Non-recursive implementation:

Stack based recursive elimination:

Recursion is when a subroutine (or function) calls itself either directly or indirectly through a series of calling statements. The execution process requires that each node interrupt calls other methods, and the environment information of the interrupt node must be recorded, so that the original program can continue to execute from the last interrupt position after the call ends and the result is returned. In the computer, this effect is achieved through a stack structure (stack: advanced and then out) :

However, the implementation efficiency of recursive algorithm is low, because recursion needs to be repeatedly pushed onto the stack, and the time and space costs are relatively large.

(Recursion, by its very nature, is more convenient for programmers than for machines.)

To avoid this overhead, recursion needs to be eliminated in two main ways:

1. For simple recursion, use iteration to replace recursion;

2. Using stack method: using artificial stack simulation system stack. (This method is versatile, but still recursive in nature, the difference being that humans do what computers do.)

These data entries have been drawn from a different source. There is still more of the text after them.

(* Let $A$ be a Leibniz algebra over $k$ with $\mathrm{Ann}(A)=0$ or $[A,A]=A$. Then the action of $\mathrm{Bider}(A)$ on $A$ is an action of Leibniz algebras, the homomorphism $A\to\mathrm{Bider}(A)$, $a\mapsto([-,a],[a,-])$, is an actor of $A$, and $\mathfrak{B}(A)\cong\mathrm{Bider}(A)=\mathrm{Actor}(A)$.
   Context: $k$ is a commutative ring with unit. A Leibniz algebra is a $k$-module with a bilinear bracket satisfying $[x,[y,z]]=[[x,y],z]-[[x,z],y]$. $\mathrm{Ann}(A)=\{a\in A:[a,x]=[x,a]=0\ \forall x\in A\}$ and $[A,A]$ is the $k$-submodule spanned by all brackets. An action of a Leibniz algebra $B$ on $A$ is a pair of bilinear maps $B\times A\to A$, $(b,a)\mapsto[b,a]$, and $A\times B\to A$, $(a,b)\mapsto[a,b]$, such that for all $a,a_1,a_2\in A$, $b,b_1,b_2\in B$: $[a_1,[a_2,b]]=[[a_1,a_2],b]-[[a_1,b],a_2]$; $[a_1,[b,a_2]]=[[a_1,b],a_2]-[[a_1,a_2],b]$; $[b,[a_1,a_2]]=[[b,a_1],a_2]-[[b,a_2],a_1]$; $[a,[b_1,b_2]]=[[a,b_1],b_2]-[[a,b_2],b_1]$; $[b_1,[a,b_2]]=[[b_1,a],b_2]-[[b_1,b_2],a]$; $[b_1,[b_2,a]]=[[b_1,b_2],a]-[[b_1,a],b_2]$. A crossed module of Leibniz algebras is a homomorphism $\partial:A\to G$ with an action of $G$ on $A$ such that $\partial[g,a]=[g,\partial a]$, $\partial[a,g]=[\partial a,g]$, $[\partial a,a']=[a,a']$, $[a',\partial a]=[a',a]$. An actor of $A$ is a crossed module $\partial:A\to\mathrm{Actor}(A)$ such that for every Leibniz algebra $C$ with an action on $A$ there is a unique homomorphism $\varphi:C\to\mathrm{Actor}(A)$ with $[\varphi(c),a]=[c,a]$, $[a,\varphi(c)]=[a,c]$ for all $c\in C$, $a\in A$. Biderivations: $\mathrm{Bider}(A)$ is the set of pairs $\varphi=([-,\varphi],[\varphi,-])$ of $k$-linear maps $A\to A$ with $[[a_1,a_2],\varphi]=[a_1,[a_2,\varphi]]+[[a_1,\varphi],a_2]$, $[\varphi,[a_1,a_2]]=[[\varphi,a_1],a_2]-[[\varphi,a_2],a_1]$, $[a_1,[a_2,\varphi]]=-[a_1,[\varphi,a_2]]$. It is a $k$-module componentwise, with bracket $[\varphi,\varphi']$ given by $[a,[\varphi,\varphi']]=[[a,\varphi],\varphi']-[[a,\varphi'],\varphi]$ and $[[\varphi,\varphi'],a]=[\varphi,[\varphi',a]]+[[\varphi,a],\varphi']$, and acts on $A$ by $(\varphi,a)\mapsto[\varphi,a]$, $(a,\varphi)\mapsto[a,\varphi]$. Construction of $\mathfrak{B}(A)$: let $(B_j)_{j\in J}$ range over all Leibniz algebras with an action on $A$ (one index per action). For $b\in B_j$ let $\mathbf b$ be the pair of $k$-linear maps $a\mapsto[a,b]$, $a\mapsto[b,a]$. On pairs $x=([-,x],[x,-])$ of $k$-linear maps define addition and scalar multiplication componentwise and the bracket by $[a,[x,y]]=[[a,x],y]-[[a,y],x]$, $[[x,y],a]=[x,[y,a]]+[[x,a],y]$. $\mathfrak{B}(A)$ is the set of pairs obtained from all the $\mathbf b$ by iterating these operations. *)

From HB Require Import structures.
From mathcomp Require Import all_boot all_order all_algebra.
Set Implicit Arguments. Unset Strict Implicit. Unset Printing Implicit Defensive.
Import GRing.Theory.
Local Open Scope ring_scope.

Section Leibniz.
Variable k : comPzRingType.

Definition klinear (M N : lmodType k) (f : M -> N) : Prop :=
  forall (c : k) (x y : M), f (c *: x + y) = c *: f x + f y.

Definition kbilinear (M N O : lmodType k) (f : M -> N -> O) : Prop :=
  (forall x, klinear (f x)) /\ (forall y, klinear (fun x => f x y)).

Definition leibniz_on (M : Type) (S : M -> Prop) (addM : M -> M -> M)
    (oppM : M -> M) (br : M -> M -> M) : Prop :=
  forall x y z, S x -> S y -> S z ->
    br x (br y z) = addM (br (br x y) z) (oppM (br (br x z) y)).

Definition is_leibniz (M : lmodType k) (br : M -> M -> M) : Prop :=
  kbilinear br /\ leibniz_on (fun _ => True) +%R -%R br.

Definition action_identities (B A : Type) (S : B -> Prop)
    (addA : A -> A -> A) (oppA : A -> A)
    (brB : B -> B -> B) (brA : A -> A -> A)
    (l : B -> A -> A) (r : A -> B -> A) : Prop :=
  (forall a1 a2 b, S b ->
     brA a1 (r a2 b) = addA (r (brA a1 a2) b) (oppA (brA (r a1 b) a2))) /\
  (forall a1 a2 b, S b ->
     brA a1 (l b a2) = addA (brA (r a1 b) a2) (oppA (r (brA a1 a2) b))) /\
  (forall a1 a2 b, S b ->
     l b (brA a1 a2) = addA (brA (l b a1) a2) (oppA (brA (l b a2) a1))) /\
  (forall a b1 b2, S b1 -> S b2 ->
     r a (brB b1 b2) = addA (r (r a b1) b2) (oppA (r (r a b2) b1))) /\
  (forall a b1 b2, S b1 -> S b2 ->
     l b1 (r a b2) = addA (r (l b1 a) b2) (oppA (l (brB b1 b2) a))) /\
  (forall a b1 b2, S b1 -> S b2 ->
     l b1 (l b2 a) = addA (l (brB b1 b2) a) (oppA (r (l b1 a) b2))).

Definition leibniz_action (B A : lmodType k) (brB : B -> B -> B)
    (brA : A -> A -> A) (l : B -> A -> A) (r : A -> B -> A) : Prop :=
  kbilinear l /\ kbilinear r /\
  action_identities (fun _ => True) +%R -%R brB brA l r.

Variables (A : lmodType k) (br : A -> A -> A).

Definition ann_trivial : Prop :=
  forall a : A, (forall x, br a x = 0 /\ br x a = 0) -> a = 0.

Definition perfect : Prop :=
  forall a : A, exists (n : nat) (c : 'I_n -> k) (x y : 'I_n -> A),
    a = \sum_(i < n) c i *: br (x i) (y i).

(* Pairs x = ([-,x],[x,-]) of maps A -> A: x.1 a = [a,x], x.2 a = [x,a]. *)
Definition pairA : Type := ((A -> A) * (A -> A))%type.

Definition pzero : pairA := (fun _ => 0, fun _ => 0).
Definition padd (x y : pairA) : pairA :=
  (fun a => x.1 a + y.1 a, fun a => x.2 a + y.2 a).
Definition popp (x : pairA) : pairA := (fun a => - x.1 a, fun a => - x.2 a).
Definition pscale (c : k) (x : pairA) : pairA :=
  (fun a => c *: x.1 a, fun a => c *: x.2 a).
(* [a,[x,y]] = [[a,x],y] - [[a,y],x] ;  [[x,y],a] = [x,[y,a]] + [[x,a],y] *)
Definition pbr (x y : pairA) : pairA :=
  (fun a => y.1 (x.1 a) - x.1 (y.1 a), fun a => x.2 (y.2 a) + y.1 (x.2 a)).

Definition pl (x : pairA) (a : A) : A := x.2 a.
Definition pr (a : A) (x : pairA) : A := x.1 a.

Definition bider (x : pairA) : Prop :=
  klinear x.1 /\ klinear x.2 /\
  (forall a1 a2, x.1 (br a1 a2) = br a1 (x.1 a2) + br (x.1 a1) a2) /\
  (forall a1 a2, x.2 (br a1 a2) = br (x.2 a1) a2 - br (x.2 a2) a1) /\
  (forall a1 a2, br a1 (x.1 a2) = - br a1 (x.2 a2)).

(* Bider(A) is a Leibniz algebra (k-submodule of pairs, closed under the
   bracket, bracket bilinear and satisfying the Leibniz identity on it)
   and its action on A is an action of Leibniz algebras. *)
Definition bider_leibniz_action : Prop :=
  bider pzero /\
  (forall x y, bider x -> bider y -> bider (padd x y)) /\
  (forall c x, bider x -> bider (pscale c x)) /\
  (forall x y, bider x -> bider y -> bider (pbr x y)) /\
  (forall c x y z, bider x -> bider y -> bider z ->
     pbr (padd (pscale c x) y) z = padd (pscale c (pbr x z)) (pbr y z) /\
     pbr z (padd (pscale c x) y) = padd (pscale c (pbr z x)) (pbr z y)) /\
  leibniz_on bider padd popp pbr /\
  (forall c x y a, bider x -> bider y ->
     pl (padd (pscale c x) y) a = c *: pl x a + pl y a /\
     pr a (padd (pscale c x) y) = c *: pr a x + pr a y) /\
  (forall x, bider x -> klinear (pl x) /\ klinear (fun a => pr a x)) /\
  action_identities bider +%R -%R pbr br pl pr.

The non-recursive process implemented by stack can be divided into the following steps:

1. Set up a work stack for storing recursive work records, including arguments, return addresses, etc.
2. Pushes the arguments and return address passed from the calling function to the stack;
3. The recursive decomposition process is simulated by loop, and the parameters and return addresses of the recursive process are stacked layer by layer. When the recursive end condition is met, the stack is unstacked one layer at a time and the result is returned to the next layer until the stack is empty.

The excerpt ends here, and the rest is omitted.